> [DATA FOR ANALYSIS]
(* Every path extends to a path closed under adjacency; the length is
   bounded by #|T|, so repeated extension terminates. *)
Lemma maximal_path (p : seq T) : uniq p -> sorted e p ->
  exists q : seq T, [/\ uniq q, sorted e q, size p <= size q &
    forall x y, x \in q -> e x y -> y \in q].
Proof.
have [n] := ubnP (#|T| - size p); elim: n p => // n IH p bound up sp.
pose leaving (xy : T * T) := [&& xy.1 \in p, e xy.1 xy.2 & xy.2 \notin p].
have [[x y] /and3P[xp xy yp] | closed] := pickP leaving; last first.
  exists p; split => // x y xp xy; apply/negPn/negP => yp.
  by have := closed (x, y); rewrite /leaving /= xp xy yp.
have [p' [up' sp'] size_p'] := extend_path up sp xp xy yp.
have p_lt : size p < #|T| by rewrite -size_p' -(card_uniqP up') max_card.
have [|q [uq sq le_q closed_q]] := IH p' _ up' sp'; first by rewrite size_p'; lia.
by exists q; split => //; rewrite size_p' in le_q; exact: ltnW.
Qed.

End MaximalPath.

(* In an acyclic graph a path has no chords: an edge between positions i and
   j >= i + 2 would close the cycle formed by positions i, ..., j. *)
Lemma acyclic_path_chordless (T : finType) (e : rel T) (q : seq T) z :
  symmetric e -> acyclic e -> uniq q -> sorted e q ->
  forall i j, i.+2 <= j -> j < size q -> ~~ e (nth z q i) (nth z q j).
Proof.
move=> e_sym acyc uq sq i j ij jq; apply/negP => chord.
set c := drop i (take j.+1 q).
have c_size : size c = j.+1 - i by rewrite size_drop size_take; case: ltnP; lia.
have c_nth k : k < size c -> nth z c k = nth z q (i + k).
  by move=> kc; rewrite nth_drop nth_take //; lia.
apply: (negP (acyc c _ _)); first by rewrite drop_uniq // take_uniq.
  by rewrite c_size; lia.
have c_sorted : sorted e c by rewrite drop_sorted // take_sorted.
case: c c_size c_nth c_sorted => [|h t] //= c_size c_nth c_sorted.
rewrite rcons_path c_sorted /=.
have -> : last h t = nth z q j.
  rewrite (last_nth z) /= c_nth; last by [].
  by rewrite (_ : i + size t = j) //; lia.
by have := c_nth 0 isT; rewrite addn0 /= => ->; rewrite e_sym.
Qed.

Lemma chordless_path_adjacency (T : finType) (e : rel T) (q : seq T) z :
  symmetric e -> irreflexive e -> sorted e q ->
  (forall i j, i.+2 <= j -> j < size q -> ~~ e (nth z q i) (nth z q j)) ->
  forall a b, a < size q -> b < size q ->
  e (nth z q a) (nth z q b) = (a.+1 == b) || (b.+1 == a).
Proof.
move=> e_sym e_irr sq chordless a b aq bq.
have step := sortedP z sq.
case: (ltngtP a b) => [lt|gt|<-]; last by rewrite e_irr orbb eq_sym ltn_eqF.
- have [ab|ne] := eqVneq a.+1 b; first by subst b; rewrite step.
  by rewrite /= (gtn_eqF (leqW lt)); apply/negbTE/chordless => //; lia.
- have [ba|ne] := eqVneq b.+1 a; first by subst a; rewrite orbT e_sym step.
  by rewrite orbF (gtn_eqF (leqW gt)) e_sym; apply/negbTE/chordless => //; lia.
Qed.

---

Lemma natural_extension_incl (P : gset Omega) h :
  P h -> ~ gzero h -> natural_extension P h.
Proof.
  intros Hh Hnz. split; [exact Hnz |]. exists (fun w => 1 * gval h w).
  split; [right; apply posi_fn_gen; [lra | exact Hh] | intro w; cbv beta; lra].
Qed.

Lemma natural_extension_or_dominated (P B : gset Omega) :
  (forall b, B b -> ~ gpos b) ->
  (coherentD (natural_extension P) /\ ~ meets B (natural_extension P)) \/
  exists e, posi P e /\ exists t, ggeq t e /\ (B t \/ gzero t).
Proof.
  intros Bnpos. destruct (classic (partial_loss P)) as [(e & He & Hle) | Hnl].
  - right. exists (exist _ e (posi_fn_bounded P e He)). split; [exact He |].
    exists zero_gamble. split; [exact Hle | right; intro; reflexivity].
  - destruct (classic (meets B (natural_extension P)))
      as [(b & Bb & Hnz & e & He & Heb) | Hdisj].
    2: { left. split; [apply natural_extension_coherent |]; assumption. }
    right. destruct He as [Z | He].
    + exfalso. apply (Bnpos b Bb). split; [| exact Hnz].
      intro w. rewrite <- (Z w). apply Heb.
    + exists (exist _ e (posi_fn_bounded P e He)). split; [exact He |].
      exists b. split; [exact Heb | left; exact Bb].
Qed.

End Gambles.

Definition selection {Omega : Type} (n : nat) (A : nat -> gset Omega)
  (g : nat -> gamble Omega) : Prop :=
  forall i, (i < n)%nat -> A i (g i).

==

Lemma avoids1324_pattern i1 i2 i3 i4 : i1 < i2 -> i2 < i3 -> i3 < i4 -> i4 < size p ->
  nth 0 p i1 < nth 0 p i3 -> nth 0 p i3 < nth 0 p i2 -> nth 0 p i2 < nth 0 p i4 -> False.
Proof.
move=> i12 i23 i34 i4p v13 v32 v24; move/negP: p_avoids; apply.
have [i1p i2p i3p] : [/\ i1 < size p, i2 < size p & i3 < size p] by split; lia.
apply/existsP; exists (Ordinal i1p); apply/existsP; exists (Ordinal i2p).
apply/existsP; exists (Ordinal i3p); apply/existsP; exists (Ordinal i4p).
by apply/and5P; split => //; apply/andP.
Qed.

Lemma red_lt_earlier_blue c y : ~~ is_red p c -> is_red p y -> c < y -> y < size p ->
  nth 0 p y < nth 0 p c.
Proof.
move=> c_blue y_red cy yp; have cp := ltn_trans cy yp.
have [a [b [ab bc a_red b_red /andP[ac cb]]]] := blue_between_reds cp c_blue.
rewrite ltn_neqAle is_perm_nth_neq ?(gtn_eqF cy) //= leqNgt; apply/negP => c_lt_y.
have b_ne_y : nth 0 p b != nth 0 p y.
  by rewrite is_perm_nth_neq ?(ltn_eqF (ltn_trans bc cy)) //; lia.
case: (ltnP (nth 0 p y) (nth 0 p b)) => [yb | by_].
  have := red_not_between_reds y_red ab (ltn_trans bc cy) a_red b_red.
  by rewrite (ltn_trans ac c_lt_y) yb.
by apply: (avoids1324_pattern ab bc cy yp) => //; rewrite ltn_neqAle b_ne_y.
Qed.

> [REQUIRED ACTION] State the number of lines in the preceding data that contain the word "leaving", and nothing besides.

> [REPLY TO THE TASK] 3